What’s on July/August and beyond


What’s On at the Celtic Club Melbourne

The Celtic Club is an organization that celebrates and supports pride in Irish heritage and culture, as well as the broader Celtic community. We provide opportunities for our members and guests to benefit from, learn about, and enjoy Gaelic language, Irish music, art, culture, and more.

For further information please visit us here:https://www.celticclub.com.au/whats-on


Ceoltóirí Naarm

This group of very young and very talented musicians are worth supporting.


Irish Films in Australian Cinemas

https://www.screendaily.com/reviews/four-letters-of-love-review-irish-eyes-aromancing-in-heartfelt-adaptation/5202276.article


‘Small Things Like These’ finally hits Australian cinemas

Cinema lovers around Australia have impatiently been waiting for Cillian Murphy’s new film ‘Small Things Like These’ to make it’s way into our cinemas. The great news is that it will hit cinemas April 10! Check out your local cinema for showtimes as many have advance screenings, some cinemas have already started their screenings. The film is based on the prize winning novella by Claire Keegan. The story follows Bill Furlong, a coal and timber merchant, in the weeks leading up to Christmas in 1985. Furlong faces his busiest season and as he does the rounds, he feels the past rising up to meet him – and encounters the complicit silences of a small community controlled by the Church.


MIX TAPE – an Irish Australian mashup

Highly anticipated romantic drama MIX TAPE has more than a few Irish connections. Premiering on Binge on 12 June 2025, this Australia / Ireland co-production won the prestigious TV award at SXSW earlier this year.

Sharp-eyed viewers may recognise locations in Dublin used as stand-ins for UK’s ‘grim-up-North’ Sheffield. Irish film nerds may also spot actors Mark O’Halloran and Siobhán O’Kelly in the cast.

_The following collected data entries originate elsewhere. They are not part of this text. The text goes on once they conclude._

Lemma spectral_decomp_unitary_conj n rho U lam V :
  spectral_decomp n rho U lam -> unitary n V ->
  spectral_decomp n (mmul n (mmul n V rho) (adj V)) (mmul n V U) lam.
Proof.
  intros [HU HD] HV. split; [apply unitary_mmul; auto|].
  apply (meq_on_trans (mmul_meq_on (mmul_meq_on (meq_on_refl _ _ _) HD) (meq_on_refl _ _ _))).
  rewrite adj_mmul, !mmul_assoc. apply meq_on_refl.
Qed.

Lemma mtrace_spectral_decomp n rho U lam :
  spectral_decomp n rho U lam -> mtrace n rho = RtoC (rsum n lam).
Proof.
  intros [[U1 U2] HD]. rewrite (mtrace_meq n _ _ HD). unfold mtrace, mmul at 1.
  rewrite (csum_ext _ _ (fun i => csum n (fun l => Cmul (RtoC (lam l)) (Cmul (Cconj (U i l)) (U i l))))).
  2:{ intros i hi. apply csum_ext; intros l hl. rewrite mmul_diagm_r by auto. unfold adj; cring. }
  rewrite csum_swap, <- csum_RtoC. apply csum_ext; intros l hl. rewrite csum_mul_l.
  change (csum n (fun i => Cmul (Cconj (U i l)) (U i l))) with (mmul n (adj U) U l l).
  rewrite U2 by auto. unfold idm. rewrite Nat.eqb_refl. cring.
Qed.

Lemma xlnx_unitary_mix n U V lam : unitary n U -> unitary n V ->
  (forall i, (i < n)%nat -> 0 <= lam i) ->
  rsum n (fun j => xlnx (rsum n (fun l => lam l * Cnorm2 (mmul n (adj U) V l j))))
  <= rsum n (fun i => xlnx (lam i)).
Proof.
  intros HU HV hl.
  set (A := mmul n (adj U) V).
  set (T := fun i j => Cmul (RtoC (sqrt (lam i))) (A i j)).
  assert (HT : meq n (mmul n T (adj T)) (diagm lam)).
  { intros i k hi hk.
    transitivity (Cmul (RtoC (sqrt (lam i) * sqrt (lam k))) (mmul n A (adj A) i k)).
    { unfold mmul, adj, T. rewrite <- csum_mul_l. apply csum_ext; intros; cring. }
    destruct (unitary_mmul n (adj U) V (unitary_adj n U HU) HV) as [HA _].
    rewrite HA by auto. unfold idm, diagm.
    destruct (Nat.eqb_spec i k); [subst; rewrite sqrt_sqrt by auto|]; cring. }
  eapply Rle_trans; [|apply (xlnx_schur n n T lam HT)].
  apply Req_le, rsum_ext; intros j hj. f_equal. apply rsum_ext; intros i hi.
  unfold T. rewrite Cnorm2_mul, Cnorm2_RtoC, sqrt_sqrt by auto. reflexivity.
Qed.

Section Uniqueness.
Variables (n : nat) (rho U V : Mat) (lam mu : nat -> R).
Hypotheses (HU : spectral_decomp n rho U lam) (HV : spectral_decomp n rho V mu).

Lemma spectral_decomp_eigenvalue_mix j : (j < n)%nat ->
  mu j = rsum n (fun l => lam l * Cnorm2 (mmul n (adj U) V l j)).
Proof.
  intros hj. pose proof (spectral_decomp_eigenvalue n rho V mu j HV hj) as E.
  rewrite (spectral_decomp_diag_conj n rho U lam V j (proj2 HU) hj) in E.
  injection E; auto.
Qed.

Hypothesis lam_ge0 : forall i, (i < n)%nat -> 0 <= lam i.

Lemma spectral_decomp_nonneg j : (j < n)%nat -> 0 <= mu j.
Proof.
  intros hj. rewrite spectral_decomp_eigenvalue_mix by auto.
  apply rsum_ge0; intros. apply Rmult_le_pos; auto. apply Cnorm2_ge0.
Qed.

Lemma xlnx_spectrum_le : rsum n (fun j => xlnx (mu j)) <= rsum n (fun i => xlnx (lam i)).
Proof.
  rewrite (rsum_ext n _ (fun j => xlnx (rsum n (fun l => lam l * Cnorm2 (mmul n (adj U) V l j)))))
    by (intros; rewrite spectral_decomp_eigenvalue_mix; auto).
  apply xlnx_unitary_mix; auto; [apply HU | apply HV].
Qed.
End Uniqueness.

Lemma xlnx_spectrum_unique n rho U lam V mu :
  spectral_decomp n rho U lam -> (forall i, (i < n)%nat -> 0 <= lam i) ->
  spectral_decomp n rho V mu ->
  rsum n (fun j => xlnx (mu j)) = rsum n (fun i => xlnx (lam i)).
Proof.
  intros HU hl HV. apply Rle_antisym.
  - eapply xlnx_spectrum_le; eauto.
  - apply (xlnx_spectrum_le n rho V U mu lam); auto.
    exact (spectral_decomp_nonneg n rho U V lam mu HU HV hl).
Qed.

(* [vN_entropy] picks an arbitrary decomposition by [epsilon]; any other one
   gives the same value once one of them has a nonnegative spectrum. *)
Lemma vN_entropy_spectral n rho U lam : psd n rho -> spectral_decomp n rho U lam ->
  vN_entropy n rho = - rsum n (fun i => xlnx (lam i)).
Proof.
  intros [U0 [l0 [H0 hl0]]] HD. unfold vN_entropy.
  match goal with |- epsilon ?i ?P = _ => assert (E : exists s, P s) end.
  { exists (- rsum n (fun i => l0 i * ln (l0 i))). exists U0, l0. destruct H0. auto. }
  pose proof (epsilon_spec _ _ E) as [U1 [l1 [h1 [h2 ->]]]].
  change (- rsum n (fun i => xlnx (l1 i)) = - rsum n (fun i => xlnx (lam i))).
  rewrite (xlnx_spectrum_unique n rho U0 l0 U1 l1), (xlnx_spectrum_unique n rho U0 l0 U lam);
    auto. split; auto.
Qed.

Lemma vN_entropy_meq n rho rho' : psd n rho -> meq n rho rho' ->
  vN_entropy n rho' = vN_entropy n rho.
Proof.
  intros G E. pose proof G as [U [l [D hl]]].
  rewrite (vN_entropy_spectral n rho U l G D),
    (vN_entropy_spectral n rho' U l (psd_meq _ _ _ G E) (spectral_decomp_meq _ _ _ _ _ D E)).
  reflexivity.
Qed.

Lemma psd_unitary_conj n rho V : psd n rho -> unitary n V ->
  psd n (mmul n (mmul n V rho) (adj V)).
Proof.
  intros [U [l [H hl]]] HV. exists (mmul n V U), l.
  split; auto. apply spectral_decomp_unitary_conj; auto.
Qed.

Lemma vN_entropy_unitary_conj n rho V : psd n rho -> unitary n V ->
  vN_entropy n (mmul n (mmul n V rho) (adj V)) = vN_entropy n rho.
Proof.
  intros G HV. pose proof (psd_unitary_conj n rho V G HV) as G'.
  pose proof G as [U [l [H hl]]].
  rewrite (vN_entropy_spectral n rho U l G H),
    (vN_entropy_spectral _ _ (mmul n V U) l G' (spectral_decomp_unitary_conj _ _ _ _ _ H HV)).
  reflexivity.
Qed.

Lemma psd_of_spectral n rho U lam : spectral_decomp n rho U lam ->
  (forall v : Vec, 0 <= Cre (csum n (fun i => csum n (fun j =>
                   Cmul (Cconj (v i)) (Cmul (rho i j) (v j)))))) ->
  psd n rho.
Proof.
  intros HD Hp. exists U, lam. split; auto. intros j hj.
  pose proof (spectral_decomp_eigenvalue n rho U lam j HD hj) as E.
  specialize (Hp (fun i => U i j)); cbv beta in Hp.
  replace (csum n (fun i => csum n (fun k => Cmul (Cconj (U i j)) (Cmul (rho i k) (U k j)))))
    with (mmul n (adj U) (mmul n rho U) j j) in Hp.
  - rewrite E in Hp. exact Hp.
  - unfold mmul at 1. apply csum_ext; intros i hi. unfold adj, mmul. rewrite <- csum_mul_l. reflexivity.
Qed.

Lemma density_psd n rho : density n rho -> psd n rho.
Proof.
  intros [Hh [Hp _]]. destruct (Spectral.spectral_theorem n rho Hh) as [U [l HD]].
  exact (psd_of_spectral n rho U l HD Hp).
Qed.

And the series’ art director is none other than Sydney-sider and Clonbur, County Mayo stalwart Loretta Cosgrove.

MIX TAPE follows Daniel (Jim Sturgess) and Alison (Teresa Palmer), now living on opposite sides of the world, and moves between their teenage romance in Sheffield, England in 1989 and the modern-day reality of their adult relationships, as they reconnect through a song from their shared past, and explore their burning curiosity to understand if this is the love – and life – they were meant to have.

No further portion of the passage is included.